(** [0 < a < a_star]: the second derivative fails at the endpoint, since
    there the quadratic equals [a (a - a_star) q(a)] with [q > 0]. *)
Lemma small_param_fails a : 0 < a < a_star ->
  ~ abs_mono_on (peval (psi_num a)) (den 3 a) (2 + 2*sqrt 2).
Proof.
  intros Ha Hon. pose proof sqrt2_sq as hs. pose proof sqrt2_bounds.
  pose proof (endpoint_quadratic_nonneg a 1 ltac:(lra) Hon) as Hend.
  replace (INR 2) with 2 in Hend by (simpl; lra).
  unfold a_star in Ha. set (s := sqrt 2) in *.
  assert (E : deriv_quadratic a (1 + a*(2 + 2*s)) 2
              - a*(a - (2 - s)/4)*((72 + 60*s) - (432 + 312*s)*a + (864 + 576*s)*a^2)
    = (s*s - 2)*(288*a^4 - 336*a^3 + 102*a^2 - 15*a)) by (unfold deriv_quadratic; field).
  rewrite hs in E.
  assert (Hq : 0 < (72 + 60*s) - (432 + 312*s)*a + (864 + 576*s)*a^2).
  { assert ((432 + 312*s)*a <= 873.27*a) by nra.
    assert (1678.57*a^2 <= (864 + 576*s)*a^2) by (assert (0 <= a^2) by nra; nra).
    nra. }
  assert (a*(a - (2 - s)/4) < 0) by nra. nra.
Qed.

(** [a_star < a <= 0.38]: the first derivative fails at the endpoint, since
    there the quadratic equals [a^2 (a - a_star) l(a)] with [l < 0]. *)
Lemma middle_param_fails a : a_star < a <= 0.38 ->
  ~ abs_mono_on (peval (psi_num a)) (den 3 a) (2 + 2*sqrt 2).
Proof.
  intros Ha Hon. pose proof sqrt2_sq as hs. pose proof sqrt2_bounds.
  assert (Hpos : 0 < a) by (unfold a_star in Ha; lra).
  pose proof (endpoint_quadratic_nonneg a 0 Hpos Hon) as Hend.
  replace (INR 1) with 1 in Hend by (simpl; lra).
  unfold a_star in Ha. set (s := sqrt 2) in *.
  assert (E : deriv_quadratic a (1 + a*(2 + 2*s)) 1
              - a^2*(a - (2 - s)/4)*((-336 - 216*s) + (864 + 576*s)*a)
    = (s*s - 2)*(288*a^4 - 336*a^3 + 78*a^2)) by (unfold deriv_quadratic; field).
  rewrite hs in E.
  assert ((-336 - 216*s) + (864 + 576*s)*a < 0) by nra.
  assert (0 < a^2) by nra.
  assert (a^2*(a - (2 - s)/4) > 0) by nra. nra.
Qed.

(** [0.38 < a <= 1.85]: [psi_a] itself is negative at [-24/5]. *)
Lemma large_param_fails a : 0.38 < a <= 1.85 ->
  ~ rat_abs_mono (peval (psi_num a)) (den 3 a) (-24/5).
Proof.
  intros Ha Ham.
  apply (psi_abs_mono_iff a (-24/5) ltac:(lra) ltac:(lra)) with (k := 0%nat) in Ham.
  destruct (psi_deriv_0_sign a (-24/5)) as [c [Hc Hder]]; [lra| lra|].
  rewrite Hder, scaled_nonneg_iff in Ham by exact Hc.
  assert (0 <= (a - 0.38)*(1.85 - a)) by nra.
  assert (0 <= (a - 0.38)*(1.85 - a)*a) by nra.
  unfold psi_cubic in Ham. nra.
Qed.

(** [a > 1.85]: the third derivative is negative at [-1/(6a)], where [w = 7/6]. *)
Lemma huge_param_fails a : 1.85 < a ->
  ~ rat_abs_mono (peval (psi_num a)) (den 3 a) (-1/(6*a)).
Proof.
  intros Ha Ham.
  assert (Hw : 1 - a * (-1/(6*a)) = 7/6) by (field; lra).
  assert (Hwpos : 0 < 1 - a * (-1/(6*a))) by (rewrite Hw; lra).
  apply (psi_abs_mono_iff a _ ltac:(lra) Hwpos) with (k := 3%nat) in Ham.
  destruct (psi_deriv_S_sign a 2 _ ltac:(lra) Hwpos) as [c [Hc Hder]].
  rewrite Hder, scaled_nonneg_iff, Hw in Ham by exact Hc.
  unfold deriv_quadratic in Ham. simpl INR in Ham. nra.
Qed.

Lemma other_param_fails a : a <> a_star ->
  ~ abs_mono_on (peval (psi_num a)) (den 3 a) (2 + sqrt 8).
Proof.
  intros Hne Hon. rewrite sqrt8_eq in Hon. pose proof sqrt2_bounds.
  assert (Hpt : forall x, -(2 + 2*sqrt 2) < x <= 0 -> rat_abs_mono (peval (psi_num a)) (den 3 a) x)
    by exact Hon.
  destruct (Rtotal_order a 0) as [Hneg|[->|Hpos]].
  - exact (negative_param_fails a Hneg (Hpt 0 ltac:(lra))).
  - exact (zero_param_fails (Hpt (-2) ltac:(lra))).
  - destruct (Rtotal_order a a_star) as [Hlt|[Heq|Hgt]]; [| contradiction|].
    + exact (small_param_fails a (conj Hpos Hlt) Hon).
    + destruct (Rle_or_lt a 0.38) as [H1|H1];
        [exact (middle_param_fails a (conj Hgt H1) Hon)|].
      destruct (Rle_or_lt a 1.85) as [H2|H2];
        [exact (large_param_fails a (conj H1 H2) (Hpt (-24/5) ltac:(lra)))|].
      apply (huge_param_fails a H2), Hpt.
      assert (0 < 1/(6*a) < 1) by (split; [apply Rdiv_lt_0_compat|
        apply (Rmult_lt_reg_r (6*a)); [| field_simplify]]; lra).
      unfold Rdiv in *. lra.
Qed.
——
# Work instruction
Go through the listing, and whenever a line contains the string "unfold", copy that line.

# Task solution
  unfold a_star in Ha. set (s := sqrt 2) in *.
    = (s*s - 2)*(288*a^4 - 336*a^3 + 102*a^2 - 15*a)) by (unfold deriv_quadratic; field).
  assert (Hpos : 0 < a) by (unfold a_star in Ha; lra).
  unfold a_star in Ha. set (s := sqrt 2) in *.
    = (s*s - 2)*(288*a^4 - 336*a^3 + 78*a^2)) by (unfold deriv_quadratic; field).
  unfold psi_cubic in Ham. nra.
  unfold deriv_quadratic in Ham. simpl INR in Ham. nra.
      unfold Rdiv in *. lra.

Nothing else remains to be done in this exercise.